Retailers risk huge fines because the government has passed the responsibility for educating them about the tobacco display ban to cash-strapped local councils, industry leaders have warned.

With less than five months to go until the biggest ever changes to tobacco retailing, the government is yet to issue any advice.

Last week the Department of Health (DoH) released a statement from public health minister Jane Ellison urging retailers to prepare for 6 April – but it only pointed them in the direction of local trading standards and trade bodies.

It said local authorities were “best placed” to educate retailers, but when RN contacted 12 of the UK’s biggest local authorities, only one was able to tell us that it had been in touch directly with shopkeepers.

Trade bodies have pointed out they receive no funding to help the government implement its policies.

The lack of any co-ordinated advice has led to accusations that the government runs the risk of leaving retailers unprepared for the legislation and open to fines of up to £5,000.

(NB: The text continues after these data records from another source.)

Lemma card_kernel_image (A : {set U}) :
  (forall x y, x \in A -> y \in A -> x + y \in A) ->
  (forall x, x \in A -> - x \in A) ->
  #|A| = (#|[set x in A | h x == 0%R]| * #|h @: A|)%N.
Proof.
move=> AD AN.
have h0 : h 0 = 0 by apply: (addrI (h 0)); rewrite -hD !addr0.
have hN x : h (- x) = - h x by apply/eqP; rewrite -addr_eq0 -hD addNr h0.
rewrite -sum1_card (partition_big h (mem (h @: A))) /=; last exact: imset_f.
rewrite mulnC -sum_nat_const; apply: eq_bigr => _ /imsetP [x0 x0A ->].
rewrite sum1dep_card -(card_imset [set x in A | h x == 0%R] (addrI x0)); apply: eq_card => x.
rewrite inE; apply/andP/imsetP => [[xA /eqP hx]|[z]].
  exists (x - x0); last by rewrite addrC subrK.
  by rewrite inE AD ?AN //= hD hN hx subrr.
by rewrite inE => /andP [zA /eqP hz] ->; rewrite AD // hD hz addr0.
Qed.

End KernelImage.

Lemma det_replace_row (R : comPzRingType) n (M : 'M[R]_n) (w r : 'rV[R]_n) k :
  w *m M = r ->
  \det (\matrix_(i, j) if i == k then r 0 j else M i j) = w 0 k * \det M.
Proof.
move=> <-; rewrite (expand_det_row _ k).
have cofE j : cofactor (\matrix_(i, j) if i == k then (w *m M) 0 j else M i j) k j
    = cofactor M k j.
  rewrite /cofactor; congr (_ * \det _); apply/matrixP => a b.
  by rewrite !mxE eq_sym (negbTE (neq_lift k a)).
under eq_bigr => j _ do rewrite cofE mxE eqxx.
transitivity (\sum_i w 0 i * (M *m \adj M) i k).
  under eq_bigr => j _ do rewrite mxE big_distrl /=.
  rewrite exchange_big /=; apply: eq_bigr => i _; rewrite mxE mulr_sumr.
  by apply: eq_bigr => j _; rewrite [\adj M j k]mxE mulrA.
rewrite mul_mx_adj (bigD1 k) //= big1 => [|i /negbTE ik]; last by rewrite mxE ik mulr0.
by rewrite mxE eqxx mulr1n addr0.
Qed.

Lemma widen_ord_lift_max t (j : 'I_t) : widen_ord (leqnSn t) j = lift ord_max j.
Proof. by apply: val_inj; rewrite /= /bump leqNgt ltn_ord. Qed.

Lemma bigminn_le (T : finType) (F : T -> nat) N a : (\big[minn/N]_(b : T) F b <= F a)%N.
Proof.
rewrite unlock; have : a \in index_enum T by apply: mem_index_enum.
elim: (index_enum T) => //= b r IH; rewrite inE => /orP [/eqP <-|ar].
  exact: geq_minl.
exact: leq_trans (geq_minr _ _) (IH ar).
Qed.

Lemma bigminn_lt (T : finType) (F : T -> nat) N x : (x <= N)%N ->
  (\big[minn/N]_(b : T) F b < x)%N -> exists a, (F a < x)%N.
Proof.
move=> xN; have [/existsP [a Fa] _ | /existsPn Fx] := boolP [exists a, F a < x]%N.
  by exists a.
suff : (x <= \big[minn/N]_(b : T) F b)%N by rewrite leqNgt => /negbTE ->.
elim/big_ind: _ => // [u v xu xv|a _]; first by rewrite leq_min xu xv.
by rewrite leqNgt Fx.
Qed.

Section FrobeniusFixedField.
Variables (L : finFieldType) (q : nat).
Hypothesis q_gt1 : (1 < q)%N.
Hypothesis exprqD : forall x y : L, (x + y) ^+ q = x ^+ q + y ^+ q.

Definition Fq : {set L} := [set x | x ^+ q == x].

Lemma mem_Fq x : (x \in Fq) = (x ^+ q == x). Proof. by rewrite inE. Qed.

Lemma Fq0 : (0 : L) \in Fq. Proof. by rewrite mem_Fq expr0n; case: q q_gt1. Qed.
Lemma Fq1 : (1 : L) \in Fq. Proof. by rewrite mem_Fq expr1n. Qed.

Lemma FqD a b : a \in Fq -> b \in Fq -> a + b \in Fq.
Proof. by rewrite !mem_Fq exprqD => /eqP-> /eqP->. Qed.

Lemma FqN a : a \in Fq -> - a \in Fq.
Proof.
rewrite !mem_Fq => /eqP aq.
have : (a + - a) ^+ q = 0 by rewrite subrr expr0n; case: q q_gt1.
by rewrite exprqD aq addrC => /eqP; rewrite addr_eq0.
Qed.

Lemma FqM a b : a \in Fq -> b \in Fq -> a * b \in Fq.
Proof. by rewrite !mem_Fq exprMn => /eqP-> /eqP->. Qed.

Lemma FqV a : a \in Fq -> a^-1 \in Fq.
Proof. by rewrite !mem_Fq exprVn => /eqP->. Qed.

Lemma exprqXD i (x y : L) : (x + y) ^+ (q ^ i) = x ^+ (q ^ i) + y ^+ (q ^ i).
Proof.
elim: i => [|i IH]; first by rewrite !expn0 !expr1.
by rewrite expnSr !exprM IH exprqD.
Qed.

Lemma Fq_exprqX a i : a \in Fq -> a ^+ (q ^ i) = a.
Proof.
rewrite mem_Fq => /eqP aq; elim: i => [|i IH]; first by rewrite expn0 expr1.
by rewrite expnSr exprM IH aq.
Qed.

Lemma card_Fq_gt1 : (1 < #|Fq|)%N.
Proof.
have : [set 0; 1] \subset Fq.
  by apply/subsetP => x; rewrite !inE => /orP [] /eqP ->; rewrite -mem_Fq ?Fq0 ?Fq1.
by move/subset_leq_card; rewrite cards2 eq_sym oner_eq0.
Qed.

Definition qlinear (h : L -> L) :=
  {morph h : x y / x + y} /\ forall a x, a \in Fq -> h (a * x) = a * h x.

Lemma qlinear0 h : qlinear h -> h 0 = 0.
Proof. by case=> hD _; apply: (addrI (h 0)); rewrite -hD !addr0. Qed.

Lemma qlinear_sum h s (c v : 'I_s -> L) : qlinear h ->
  (forall i, c i \in Fq) -> h (\sum_i c i * v i) = \sum_i c i * h (v i).
Proof.
move=> hl Fc; rewrite (big_morph h hl.1 (qlinear0 hl)).
by apply: eq_bigr => i _; rewrite hl.2.
Qed.

Lemma qlinearD h1 h2 : qlinear h1 -> qlinear h2 -> qlinear (fun x => h1 x + h2 x).
Proof.
case=> D1 Z1 [D2 Z2]; split=> [x y|a x Fa]; first by rewrite D1 D2 addrACA.
by rewrite Z1 // Z2 // mulrDr.
Qed.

“This is an abdication of responsibility on an industrial scale,” said the NFRN’s head of public affairs and communications Adrian Roper. “Retailers are being referred to their trade bodies without any thought as to whether they are even members, not to mention the fact that trade bodies aren’t receiving any public funding.”

Imperial Tobacco head of corporate and legal affairs Duncan Cunningham said the government had been “slow to act”.

This is an abdication of responsibility on an industrial scale

“If the government is going to continue to enforce new legislation on retailers it should be proactive, not reactive, in its communication of these changes,” he said.

Of the local authorities contacted, only Croydon Council has so far sought to educate retailers, holding workshops with more than 200 shopkeepers since April.

In response to a series of questions, the DoH said it planned to work with cash and carry outlets to display updated legislation and update online advice.